| Exercise brief |
Search the records for the string "first", then copy each line that has it.

(Dataset entries)
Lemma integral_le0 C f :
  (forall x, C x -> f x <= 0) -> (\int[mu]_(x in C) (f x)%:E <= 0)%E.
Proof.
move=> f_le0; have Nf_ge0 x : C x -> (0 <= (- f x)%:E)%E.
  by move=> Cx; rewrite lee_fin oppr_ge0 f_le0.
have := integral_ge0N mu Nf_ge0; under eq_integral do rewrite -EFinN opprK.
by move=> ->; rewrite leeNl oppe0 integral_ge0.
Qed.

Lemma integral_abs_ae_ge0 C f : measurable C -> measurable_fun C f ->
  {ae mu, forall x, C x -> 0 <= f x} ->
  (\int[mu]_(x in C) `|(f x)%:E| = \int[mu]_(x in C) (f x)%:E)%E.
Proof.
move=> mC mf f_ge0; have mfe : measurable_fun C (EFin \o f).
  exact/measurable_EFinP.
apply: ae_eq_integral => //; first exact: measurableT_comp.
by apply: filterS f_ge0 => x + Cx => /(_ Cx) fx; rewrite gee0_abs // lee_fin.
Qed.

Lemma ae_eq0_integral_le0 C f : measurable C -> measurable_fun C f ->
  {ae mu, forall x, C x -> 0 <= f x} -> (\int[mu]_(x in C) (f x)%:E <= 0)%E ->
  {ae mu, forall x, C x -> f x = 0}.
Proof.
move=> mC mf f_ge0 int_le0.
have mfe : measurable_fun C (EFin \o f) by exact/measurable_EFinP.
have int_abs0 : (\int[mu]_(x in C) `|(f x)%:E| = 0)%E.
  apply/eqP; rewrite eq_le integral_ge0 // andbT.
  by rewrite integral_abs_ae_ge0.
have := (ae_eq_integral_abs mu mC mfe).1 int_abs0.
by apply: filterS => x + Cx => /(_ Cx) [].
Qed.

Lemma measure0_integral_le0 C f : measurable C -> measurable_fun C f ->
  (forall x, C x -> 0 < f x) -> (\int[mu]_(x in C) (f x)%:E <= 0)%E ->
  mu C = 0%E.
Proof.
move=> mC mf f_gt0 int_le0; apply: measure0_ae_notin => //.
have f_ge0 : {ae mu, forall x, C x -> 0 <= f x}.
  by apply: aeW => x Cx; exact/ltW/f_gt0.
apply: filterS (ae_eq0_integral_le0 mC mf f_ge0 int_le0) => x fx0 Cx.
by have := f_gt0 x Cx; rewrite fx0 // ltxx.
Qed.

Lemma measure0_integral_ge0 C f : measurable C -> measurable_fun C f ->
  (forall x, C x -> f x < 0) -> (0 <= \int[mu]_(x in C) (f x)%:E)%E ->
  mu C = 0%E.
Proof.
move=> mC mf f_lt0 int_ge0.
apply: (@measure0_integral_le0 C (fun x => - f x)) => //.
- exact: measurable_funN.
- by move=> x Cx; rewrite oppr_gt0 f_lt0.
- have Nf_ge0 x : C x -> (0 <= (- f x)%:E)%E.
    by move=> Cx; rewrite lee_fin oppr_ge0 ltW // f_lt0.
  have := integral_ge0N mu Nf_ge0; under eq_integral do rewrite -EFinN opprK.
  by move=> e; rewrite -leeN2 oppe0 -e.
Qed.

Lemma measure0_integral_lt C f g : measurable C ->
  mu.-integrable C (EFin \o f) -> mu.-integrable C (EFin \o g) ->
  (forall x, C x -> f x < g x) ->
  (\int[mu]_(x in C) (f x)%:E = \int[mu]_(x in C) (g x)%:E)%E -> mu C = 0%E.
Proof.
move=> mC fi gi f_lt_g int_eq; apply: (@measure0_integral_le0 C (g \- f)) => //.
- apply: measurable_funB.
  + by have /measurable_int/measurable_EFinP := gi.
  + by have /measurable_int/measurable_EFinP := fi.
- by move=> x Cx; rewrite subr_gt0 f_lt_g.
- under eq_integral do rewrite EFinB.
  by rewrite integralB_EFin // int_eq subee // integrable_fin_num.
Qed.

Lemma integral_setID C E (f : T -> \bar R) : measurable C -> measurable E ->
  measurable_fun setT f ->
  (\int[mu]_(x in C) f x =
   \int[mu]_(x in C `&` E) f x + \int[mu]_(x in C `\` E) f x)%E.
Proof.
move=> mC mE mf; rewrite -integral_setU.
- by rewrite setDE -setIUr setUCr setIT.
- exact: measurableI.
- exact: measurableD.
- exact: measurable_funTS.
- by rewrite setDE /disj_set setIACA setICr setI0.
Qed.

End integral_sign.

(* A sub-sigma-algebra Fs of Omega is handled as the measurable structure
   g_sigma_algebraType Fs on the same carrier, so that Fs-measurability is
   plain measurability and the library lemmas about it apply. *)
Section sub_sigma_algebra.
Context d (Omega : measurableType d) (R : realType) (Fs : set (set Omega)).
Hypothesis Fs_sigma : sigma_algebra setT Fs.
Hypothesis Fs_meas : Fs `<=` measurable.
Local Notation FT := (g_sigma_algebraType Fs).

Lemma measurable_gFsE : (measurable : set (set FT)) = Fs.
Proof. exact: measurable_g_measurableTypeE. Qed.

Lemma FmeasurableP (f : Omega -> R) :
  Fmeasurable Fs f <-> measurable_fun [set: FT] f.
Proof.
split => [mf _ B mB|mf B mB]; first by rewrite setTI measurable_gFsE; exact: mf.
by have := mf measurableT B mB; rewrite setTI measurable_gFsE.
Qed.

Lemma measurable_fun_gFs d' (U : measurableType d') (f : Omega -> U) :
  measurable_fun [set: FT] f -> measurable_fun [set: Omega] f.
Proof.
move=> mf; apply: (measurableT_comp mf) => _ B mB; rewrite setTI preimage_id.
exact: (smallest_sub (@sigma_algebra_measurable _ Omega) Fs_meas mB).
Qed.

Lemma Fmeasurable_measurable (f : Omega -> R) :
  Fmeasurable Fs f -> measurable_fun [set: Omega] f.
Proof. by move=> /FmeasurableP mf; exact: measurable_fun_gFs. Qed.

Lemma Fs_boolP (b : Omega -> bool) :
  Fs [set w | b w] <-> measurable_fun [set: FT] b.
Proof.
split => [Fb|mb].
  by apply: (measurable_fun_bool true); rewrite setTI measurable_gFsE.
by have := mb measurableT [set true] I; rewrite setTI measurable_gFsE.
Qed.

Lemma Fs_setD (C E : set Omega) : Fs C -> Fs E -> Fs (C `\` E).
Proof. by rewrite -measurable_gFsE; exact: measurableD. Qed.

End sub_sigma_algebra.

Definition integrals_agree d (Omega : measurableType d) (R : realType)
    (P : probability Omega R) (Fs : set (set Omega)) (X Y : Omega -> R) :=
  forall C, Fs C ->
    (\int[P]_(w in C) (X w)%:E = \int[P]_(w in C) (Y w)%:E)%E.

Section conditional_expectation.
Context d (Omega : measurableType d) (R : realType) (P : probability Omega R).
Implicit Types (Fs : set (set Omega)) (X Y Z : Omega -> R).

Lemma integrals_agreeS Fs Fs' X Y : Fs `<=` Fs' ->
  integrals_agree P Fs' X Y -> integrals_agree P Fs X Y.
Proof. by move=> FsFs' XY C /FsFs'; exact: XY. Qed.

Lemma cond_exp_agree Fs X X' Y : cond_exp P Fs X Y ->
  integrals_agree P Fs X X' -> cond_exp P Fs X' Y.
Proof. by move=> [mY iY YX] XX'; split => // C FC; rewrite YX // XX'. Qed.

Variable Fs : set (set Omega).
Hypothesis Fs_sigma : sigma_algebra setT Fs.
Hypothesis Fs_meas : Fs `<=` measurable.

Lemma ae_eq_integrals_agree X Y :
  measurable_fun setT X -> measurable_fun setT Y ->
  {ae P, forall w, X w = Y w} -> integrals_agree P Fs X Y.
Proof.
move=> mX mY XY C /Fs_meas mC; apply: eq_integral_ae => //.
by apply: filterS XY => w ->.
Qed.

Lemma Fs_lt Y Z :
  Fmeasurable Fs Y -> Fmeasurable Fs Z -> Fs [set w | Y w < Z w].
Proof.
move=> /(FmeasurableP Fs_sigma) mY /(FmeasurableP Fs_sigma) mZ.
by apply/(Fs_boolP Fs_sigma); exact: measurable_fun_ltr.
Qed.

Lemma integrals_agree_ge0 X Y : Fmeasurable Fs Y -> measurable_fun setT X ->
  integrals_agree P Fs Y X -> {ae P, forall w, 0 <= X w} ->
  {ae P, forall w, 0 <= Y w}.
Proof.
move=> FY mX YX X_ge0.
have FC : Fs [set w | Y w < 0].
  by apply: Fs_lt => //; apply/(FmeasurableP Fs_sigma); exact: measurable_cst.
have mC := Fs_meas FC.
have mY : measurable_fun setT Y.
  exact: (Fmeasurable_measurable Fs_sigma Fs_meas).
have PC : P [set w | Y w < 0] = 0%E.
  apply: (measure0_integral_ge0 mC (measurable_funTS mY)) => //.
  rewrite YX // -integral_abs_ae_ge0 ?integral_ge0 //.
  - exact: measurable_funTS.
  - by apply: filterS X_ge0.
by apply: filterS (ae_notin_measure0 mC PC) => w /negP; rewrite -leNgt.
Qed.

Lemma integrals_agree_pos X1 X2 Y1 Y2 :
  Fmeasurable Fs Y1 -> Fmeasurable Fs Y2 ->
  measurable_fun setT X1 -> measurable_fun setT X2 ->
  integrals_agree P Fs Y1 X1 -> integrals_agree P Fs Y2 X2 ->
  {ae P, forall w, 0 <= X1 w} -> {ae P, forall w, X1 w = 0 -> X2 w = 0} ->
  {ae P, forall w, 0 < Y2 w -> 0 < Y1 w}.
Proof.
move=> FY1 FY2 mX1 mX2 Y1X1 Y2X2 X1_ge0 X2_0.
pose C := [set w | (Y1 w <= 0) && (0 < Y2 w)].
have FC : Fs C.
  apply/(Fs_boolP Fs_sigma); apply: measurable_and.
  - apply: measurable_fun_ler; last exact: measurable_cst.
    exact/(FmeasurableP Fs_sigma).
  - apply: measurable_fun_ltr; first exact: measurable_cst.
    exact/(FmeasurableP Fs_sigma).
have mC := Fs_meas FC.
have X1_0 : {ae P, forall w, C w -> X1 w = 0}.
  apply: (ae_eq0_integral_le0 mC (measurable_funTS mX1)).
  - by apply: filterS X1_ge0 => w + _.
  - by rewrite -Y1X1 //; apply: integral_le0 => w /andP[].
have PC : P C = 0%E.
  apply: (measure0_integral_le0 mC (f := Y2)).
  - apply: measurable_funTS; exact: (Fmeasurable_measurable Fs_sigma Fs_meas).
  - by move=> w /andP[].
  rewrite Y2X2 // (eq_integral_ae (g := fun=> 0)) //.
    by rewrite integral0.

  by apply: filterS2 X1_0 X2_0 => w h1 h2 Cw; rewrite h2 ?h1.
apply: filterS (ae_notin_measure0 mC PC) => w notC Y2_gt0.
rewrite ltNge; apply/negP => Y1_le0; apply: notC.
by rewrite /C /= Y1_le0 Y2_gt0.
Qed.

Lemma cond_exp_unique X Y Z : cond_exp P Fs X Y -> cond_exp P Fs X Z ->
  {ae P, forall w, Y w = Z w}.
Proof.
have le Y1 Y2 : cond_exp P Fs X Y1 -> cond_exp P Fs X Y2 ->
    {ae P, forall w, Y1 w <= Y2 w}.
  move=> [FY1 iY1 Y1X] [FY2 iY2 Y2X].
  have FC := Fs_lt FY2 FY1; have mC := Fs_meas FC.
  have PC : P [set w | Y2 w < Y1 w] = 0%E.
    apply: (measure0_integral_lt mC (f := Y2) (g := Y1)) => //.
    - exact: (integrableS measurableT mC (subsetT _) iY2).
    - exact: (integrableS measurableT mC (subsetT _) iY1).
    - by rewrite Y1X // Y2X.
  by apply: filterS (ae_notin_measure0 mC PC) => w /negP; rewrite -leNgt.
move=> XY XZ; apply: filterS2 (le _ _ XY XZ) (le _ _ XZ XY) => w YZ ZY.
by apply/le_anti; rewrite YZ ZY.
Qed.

| Completed task |
apply: ae_eq_integral => //; first exact: measurableT_comp.
split => [mf _ B mB|mf B mB]; first by rewrite setTI measurable_gFsE; exact: mf.
  - apply: measurable_fun_ltr; first exact: measurable_cst.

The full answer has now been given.